(* Fix $e\in\mathbb Z_{>0}$ and let $\mathsf Y_e(t)=\sum_{k\geqslant 0}y^{k+1}_{k+2+e}t^k\in\mathbb Z[[t]]$. Then \[ \mathsf Y_e(t)=\frac{\mathsf y_e(t)}{(1-t)^{2e+1}},\qquad \mathsf y_e(t)=\sum_{h=0}^{2e-1}\gamma^{(e)}_h t^h\in\mathbb Z[t], \] where for $0\leqslant h\leqslant 2e-1$ \[ \gamma^{(e)}_h=\sum_{j=0}^{h}(-1)^{h+j}\binom{2e+1}{h-j}y^{j+1}_{j+e+2}. \] In particular $\mathsf Y_e(t)$ is a rational function and $\mathsf y_e$ has degree at most $2e-1$.
   Context: Let $\mathbb N=\mathbb Z_{\geqslant 0}$ with the componentwise partial order on $\mathbb N^n$. For integers $n,d\geqslant 0$, an $(n-1)$-dimensional partition of size $d$ is a subset $\lambda\subset\mathbb N^n$ with $|\lambda|=d$ such that $\mathbf a\in\lambda$ and $\mathbf y\leqslant\mathbf a$ imply $\mathbf y\in\lambda$; $\mathrm P^n_d$ is the set of these. The embedding dimension $h_\lambda(1)$ is the number of elements of $\lambda$ whose coordinates sum to $1$. Define $y^k_d=|\{\lambda\in\mathrm P^k_d: h_\lambda(1)=k\}|$. *)

From mathcomp Require Import all_boot all_algebra.
Set Implicit Arguments. Unset Strict Implicit. Unset Printing Implicit Defensive.
Import GRing.Theory.

(* (n-1)-dimensional partitions of size d: finite downward-closed subsets of
   N^n with d elements.  Every element a of such a set satisfies a_i < d
   (the box [0,a] lies in the set and has >= a_i+1 elements), so we encode
   points of N^n as functions 'I_n -> 'I_d (coordinates read as nats). *)
Definition pt_le (n d : nat) (y a : {ffun 'I_n -> 'I_d}) : bool :=
  [forall i, (y i <= a i)%N].

Definition is_partition (n d : nat) (lam : {set {ffun 'I_n -> 'I_d}}) : bool :=
  (#|lam| == d) &&
  [forall a in lam, forall y, pt_le y a ==> (y \in lam)].

Definition emb_dim (n d : nat) (lam : {set {ffun 'I_n -> 'I_d}}) : nat :=
  #|[set a in lam | (\sum_(i < n) (a i : nat) == 1)%N]|.

Definition ycount (k d : nat) : nat :=
  #|[set lam : {set {ffun 'I_k -> 'I_d}} |
      is_partition lam && (emb_dim lam == k)]|.

Definition Ycoef (e k : nat) : int := (ycount k.+1 (k + 2 + e))%:Z.

Local Open Scope ring_scope.

Definition gamma (e h : nat) : int :=
  \sum_(j < h.+1) (-1) ^+ (h + j) * ('C(2 * e + 1, h - j))%:R
                   * (ycount j.+1 (j + e + 2))%:R.

Definition ye (e : nat) : {poly int} := \poly_(h < 2 * e) gamma e h.

(* A partition of size K+e+1 in N^K with embedding dimension K consists of 0, the K
   unit vectors and exactly e high points, of degree >= 2.  Its support, the set of
   coordinates used by high points, is nonempty and has at most 2e elements: below
   every high point using coordinate i lies a point of degree 2 using i, and each of
   the at most e points of degree 2 uses at most two coordinates.  Extending by zero
   along the inclusion of the support is a bijection from the partitions in N^m with
   full support, so y^K_{K+e+1} = sum_{m=1}^{2e} C(K,m) g_m for counts g_m independent
   of K: a polynomial of degree <= 2e in K vanishing at K = 0.  For N >= 2e the N-th
   coefficient of (1-t)^{2e+1} Y_e(t) is a (2e+1)-st finite difference of it, hence
   0; for N < 2e it is gamma_N by definition. *)

From mathcomp Require Import all_boot all_algebra.
From mathcomp Require Import zify ring.
Set Implicit Arguments. Unset Strict Implicit. Unset Printing Implicit Defensive.

Section Points.
Variables n d : nat.
Local Notation pt := {ffun 'I_n -> 'I_d.+1}.

Definition deg (a : pt) : nat := \sum_(i < n) (a i : nat).
Definition pt0 : pt := [ffun => ord0].
Definition unit_pt (i : 'I_n) : pt := [ffun t => if t == i then inord 1 else ord0].
Definition pt_min (a : pt) (v : 'I_n -> nat) : pt :=
  [ffun t => Ordinal (leq_ltn_trans (geq_minr (v t) (a t)) (ltn_ord (a t)))].
Definition unit_pts : {set pt} := [set unit_pt i | i : 'I_n].

Lemma pt0E t : (pt0 t : nat) = 0.
Proof. by rewrite ffunE. Qed.

Lemma pt_minE (a : pt) v t : (pt_min a v t : nat) = minn (v t) (a t).
Proof. by rewrite ffunE. Qed.

Lemma pt_min_le (a : pt) v : pt_le (pt_min a v) a.
Proof. by apply/forallP => t; rewrite pt_minE geq_minr. Qed.

Lemma deg_pt_min (a : pt) v : (forall t, v t <= a t) -> deg (pt_min a v) = \sum_t v t.
Proof. by move=> le_va; apply: eq_bigr => t _; rewrite pt_minE; apply/minn_idPl. Qed.

Lemma deg_pt0 : deg pt0 = 0.
Proof. by rewrite /deg big1 // => t _; rewrite pt0E. Qed.

Lemma deg_le (y a : pt) : pt_le y a -> deg y <= deg a.
Proof. by move/forallP => le_ya; apply: leq_sum => t _; apply: le_ya. Qed.

Lemma deg_eq0 (a : pt) : (deg a == 0) = (a == pt0).
Proof.
rewrite /deg sum_nat_eq0; apply/forallP/eqP => [a0|-> t]; last by rewrite pt0E.
by apply/ffunP => t; apply/val_inj; rewrite /= pt0E; apply/eqP/a0.
Qed.

Lemma deg_gt0 (a : pt) : 0 < deg a -> exists i, 0 < a i.
Proof.
rewrite lt0n deg_eq0 => a_neq0; apply/existsP; apply: contraNT a_neq0.
rewrite negb_exists => /forallP a0; apply/eqP/ffunP => t; apply/val_inj.
by rewrite /= pt0E; apply/eqP; rewrite -leqn0 leqNgt a0.
Qed.

Lemma sum_eq_indicator (i : 'I_n) : \sum_(t < n) ((t == i) : nat) = 1.
Proof. by rewrite (bigD1 i) //= eqxx big1 // => t /negbTE ->. Qed.

Hypothesis d_gt0 : 0 < d.

Lemma unit_ptE i t : (unit_pt i t : nat) = (t == i).
Proof. by rewrite ffunE; case: eqP => _ //=; rewrite inordK. Qed.

Lemma deg_unit_pt i : deg (unit_pt i) = 1.
Proof. by rewrite -(sum_eq_indicator i); apply: eq_bigr => t _; apply: unit_ptE. Qed.

Lemma unit_pt_inj : injective unit_pt.
Proof.
move=> i j /ffunP /(_ i) /(congr1 val); rewrite /= !unit_ptE eqxx.
by case: eqP.
Qed.

Lemma card_unit_pts : #|unit_pts| = n.
Proof. by rewrite card_imset ?card_ord //; apply: unit_pt_inj. Qed.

**Your goal:**
The material above needs to be copied out in full, exactly as given.

**Expected output:**
(* Fix $e\in\mathbb Z_{>0}$ and let $\mathsf Y_e(t)=\sum_{k\geqslant 0}y^{k+1}_{k+2+e}t^k\in\mathbb Z[[t]]$. Then \[ \mathsf Y_e(t)=\frac{\mathsf y_e(t)}{(1-t)^{2e+1}},\qquad \mathsf y_e(t)=\sum_{h=0}^{2e-1}\gamma^{(e)}_h t^h\in\mathbb Z[t], \] where for $0\leqslant h\leqslant 2e-1$ \[ \gamma^{(e)}_h=\sum_{j=0}^{h}(-1)^{h+j}\binom{2e+1}{h-j}y^{j+1}_{j+e+2}. \] In particular $\mathsf Y_e(t)$ is a rational function and $\mathsf y_e$ has degree at most $2e-1$.
   Context: Let $\mathbb N=\mathbb Z_{\geqslant 0}$ with the componentwise partial order on $\mathbb N^n$. For integers $n,d\geqslant 0$, an $(n-1)$-dimensional partition of size $d$ is a subset $\lambda\subset\mathbb N^n$ with $|\lambda|=d$ such that $\mathbf a\in\lambda$ and $\mathbf y\leqslant\mathbf a$ imply $\mathbf y\in\lambda$; $\mathrm P^n_d$ is the set of these. The embedding dimension $h_\lambda(1)$ is the number of elements of $\lambda$ whose coordinates sum to $1$. Define $y^k_d=|\{\lambda\in\mathrm P^k_d: h_\lambda(1)=k\}|$. *)

From mathcomp Require Import all_boot all_algebra.
Set Implicit Arguments. Unset Strict Implicit. Unset Printing Implicit Defensive.
Import GRing.Theory.

(* (n-1)-dimensional partitions of size d: finite downward-closed subsets of
   N^n with d elements.  Every element a of such a set satisfies a_i < d
   (the box [0,a] lies in the set and has >= a_i+1 elements), so we encode
   points of N^n as functions 'I_n -> 'I_d (coordinates read as nats). *)
Definition pt_le (n d : nat) (y a : {ffun 'I_n -> 'I_d}) : bool :=
  [forall i, (y i <= a i)%N].

Definition is_partition (n d : nat) (lam : {set {ffun 'I_n -> 'I_d}}) : bool :=
  (#|lam| == d) &&
  [forall a in lam, forall y, pt_le y a ==> (y \in lam)].

Definition emb_dim (n d : nat) (lam : {set {ffun 'I_n -> 'I_d}}) : nat :=
  #|[set a in lam | (\sum_(i < n) (a i : nat) == 1)%N]|.

Definition ycount (k d : nat) : nat :=
  #|[set lam : {set {ffun 'I_k -> 'I_d}} |
      is_partition lam && (emb_dim lam == k)]|.

Definition Ycoef (e k : nat) : int := (ycount k.+1 (k + 2 + e))%:Z.

Local Open Scope ring_scope.

Definition gamma (e h : nat) : int :=
  \sum_(j < h.+1) (-1) ^+ (h + j) * ('C(2 * e + 1, h - j))%:R
                   * (ycount j.+1 (j + e + 2))%:R.

Definition ye (e : nat) : {poly int} := \poly_(h < 2 * e) gamma e h.

(* A partition of size K+e+1 in N^K with embedding dimension K consists of 0, the K
   unit vectors and exactly e high points, of degree >= 2.  Its support, the set of
   coordinates used by high points, is nonempty and has at most 2e elements: below
   every high point using coordinate i lies a point of degree 2 using i, and each of
   the at most e points of degree 2 uses at most two coordinates.  Extending by zero
   along the inclusion of the support is a bijection from the partitions in N^m with
   full support, so y^K_{K+e+1} = sum_{m=1}^{2e} C(K,m) g_m for counts g_m independent
   of K: a polynomial of degree <= 2e in K vanishing at K = 0.  For N >= 2e the N-th
   coefficient of (1-t)^{2e+1} Y_e(t) is a (2e+1)-st finite difference of it, hence
   0; for N < 2e it is gamma_N by definition. *)

From mathcomp Require Import all_boot all_algebra.
From mathcomp Require Import zify ring.
Set Implicit Arguments. Unset Strict Implicit. Unset Printing Implicit Defensive.

Section Points.
Variables n d : nat.
Local Notation pt := {ffun 'I_n -> 'I_d.+1}.

Definition deg (a : pt) : nat := \sum_(i < n) (a i : nat).
Definition pt0 : pt := [ffun => ord0].
Definition unit_pt (i : 'I_n) : pt := [ffun t => if t == i then inord 1 else ord0].
Definition pt_min (a : pt) (v : 'I_n -> nat) : pt :=
  [ffun t => Ordinal (leq_ltn_trans (geq_minr (v t) (a t)) (ltn_ord (a t)))].
Definition unit_pts : {set pt} := [set unit_pt i | i : 'I_n].

Lemma pt0E t : (pt0 t : nat) = 0.
Proof. by rewrite ffunE. Qed.

Lemma pt_minE (a : pt) v t : (pt_min a v t : nat) = minn (v t) (a t).
Proof. by rewrite ffunE. Qed.

Lemma pt_min_le (a : pt) v : pt_le (pt_min a v) a.
Proof. by apply/forallP => t; rewrite pt_minE geq_minr. Qed.

Lemma deg_pt_min (a : pt) v : (forall t, v t <= a t) -> deg (pt_min a v) = \sum_t v t.
Proof. by move=> le_va; apply: eq_bigr => t _; rewrite pt_minE; apply/minn_idPl. Qed.

Lemma deg_pt0 : deg pt0 = 0.
Proof. by rewrite /deg big1 // => t _; rewrite pt0E. Qed.

Lemma deg_le (y a : pt) : pt_le y a -> deg y <= deg a.
Proof. by move/forallP => le_ya; apply: leq_sum => t _; apply: le_ya. Qed.

Lemma deg_eq0 (a : pt) : (deg a == 0) = (a == pt0).
Proof.
rewrite /deg sum_nat_eq0; apply/forallP/eqP => [a0|-> t]; last by rewrite pt0E.
by apply/ffunP => t; apply/val_inj; rewrite /= pt0E; apply/eqP/a0.
Qed.

Lemma deg_gt0 (a : pt) : 0 < deg a -> exists i, 0 < a i.
Proof.
rewrite lt0n deg_eq0 => a_neq0; apply/existsP; apply: contraNT a_neq0.
rewrite negb_exists => /forallP a0; apply/eqP/ffunP => t; apply/val_inj.
by rewrite /= pt0E; apply/eqP; rewrite -leqn0 leqNgt a0.
Qed.

Lemma sum_eq_indicator (i : 'I_n) : \sum_(t < n) ((t == i) : nat) = 1.
Proof. by rewrite (bigD1 i) //= eqxx big1 // => t /negbTE ->. Qed.

Hypothesis d_gt0 : 0 < d.

Lemma unit_ptE i t : (unit_pt i t : nat) = (t == i).
Proof. by rewrite ffunE; case: eqP => _ //=; rewrite inordK. Qed.

Lemma deg_unit_pt i : deg (unit_pt i) = 1.
Proof. by rewrite -(sum_eq_indicator i); apply: eq_bigr => t _; apply: unit_ptE. Qed.

Lemma unit_pt_inj : injective unit_pt.
Proof.
move=> i j /ffunP /(_ i) /(congr1 val); rewrite /= !unit_ptE eqxx.
by case: eqP.
Qed.

Lemma card_unit_pts : #|unit_pts| = n.
Proof. by rewrite card_imset ?card_ord //; apply: unit_pt_inj. Qed.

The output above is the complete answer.